Start of Task data

(* Let $V:\mathcal{M}^+(\mathbb{R}^d)\to\mathcal{M}^+(\mathbb{R}^d\times\mathbb{R}^d)$ satisfy $\pi_1^{\#}V[\mu]=\mu$ for all $\mu$, and suppose that for every $R>0$ there is a constant $C_F(R)$ such that $\mathcal{W}^g(V[\mu],V[\nu])\le C_F(R)\|\mu-\nu\|_{BL^*}$ whenever $\mu,\nu$ are supported in $B(0,R)$. Then: (V2) for every $R>0$ there is a constant $C$ such that $\|V[\mu]-V[\nu]\|_{BL^*}\le C\|\mu-\nu\|_{BL^*}$ whenever $\mu,\nu$ are supported in $B(0,R)$; and (V3) for every $R>0$ there is $C_H(R)$ such that whenever $\mu,\nu$ are supported in $B(0,R)$, for all $\tau>0$, $$\sup_{\|\psi\|_{BL(\mathbb{R}^d)}\le1}\int_{\mathbb{R}^d\times\mathbb{R}^d}\psi(x+\tau v)\,d(V[\mu]-V[\nu])(x,v)\le(1+C_H(R)\tau)\|\mu-\nu\|_{BL^*}.$$
   Context: $\mathcal{M}^+(\mathbb{R}^k)$: finite nonnegative Borel measures; $\pi_1(x,v)=x$. $\|f\|_{BL}=\max(\sup|f|,\operatorname{Lip}f)$, $\|\mu\|_{BL^*}=\sup\{\int\psi\,d\mu:\|\psi\|_{BL}\le1\}$, $\|\cdot\|_{TV}$ total variation. For nonnegative measures $\alpha,\beta$ of equal finite mass on $\mathbb{R}^d$, $W_1(\alpha,\beta)=\inf\int|x-y|\,d\gamma$ over couplings $\gamma$ (nonnegative measures on $\mathbb{R}^{2d}$ with marginals $\alpha,\beta$); $\mathcal{P}^{opt}(\alpha,\beta)$ is the set of minimizing couplings. For $\tilde V_1,\tilde V_2\in\mathcal{M}^+(\mathbb{R}^d\times\mathbb{R}^d)$ of equal mass, $\mathcal{P}(\tilde V_1,\tilde V_2)$ is the set of nonnegative measures $p$ on $(\mathbb{R}^d)^4$ (variables $(x,v,y,w)$) with $\pi_{12}^{\#}p=\tilde V_1$, $\pi_{34}^{\#}p=\tilde V_2$. For $V_1,V_2\in\mathcal{M}^+(\mathbb{R}^d\times\mathbb{R}^d)$ with $\mu_i=\pi_1^{\#}V_i$, define $\mathcal{W}^g(V_1,V_2)=\inf\{\int|v-w|\,dp(x,v,y,w)\}$, the infimum over all $\tilde V_1\le V_1$, $\tilde V_2\le V_2$ (nonnegative submeasures), with $\tilde\mu_i=\pi_1^{\#}\tilde V_i$, and $p\in\mathcal{P}(\tilde V_1,\tilde V_2)$ such that $\|\mu_1-\mu_2\|_{BL^*}=\|\mu_1-\tilde\mu_1\|_{TV}+\|\mu_2-\tilde\mu_2\|_{TV}+W_1(\tilde\mu_1,\tilde\mu_2)$ and $\pi_{13}^{\#}p\in\mathcal{P}^{opt}(\tilde\mu_1,\tilde\mu_2)$. *)

From HB Require Import structures.
From mathcomp Require Import all_boot all_order all_algebra.
From mathcomp Require Import all_classical all_reals all_analysis.
Set Implicit Arguments. Unset Strict Implicit. Unset Printing Implicit Defensive.
Import Order.TTheory GRing.Theory Num.Theory.
Import numFieldNormedType.Exports.
Local Open Scope classical_set_scope.
Local Open Scope ring_scope.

End of Task data

Return word for word the lines above from the line with "From HB Require Import structures." to the line with "Set Implicit Arguments.", including both and leaving out all others.

**Response:**
From HB Require Import structures.
From mathcomp Require Import all_boot all_order all_algebra.
From mathcomp Require Import all_classical all_reals all_analysis.
Set Implicit Arguments. Unset Strict Implicit. Unset Printing Implicit Defensive.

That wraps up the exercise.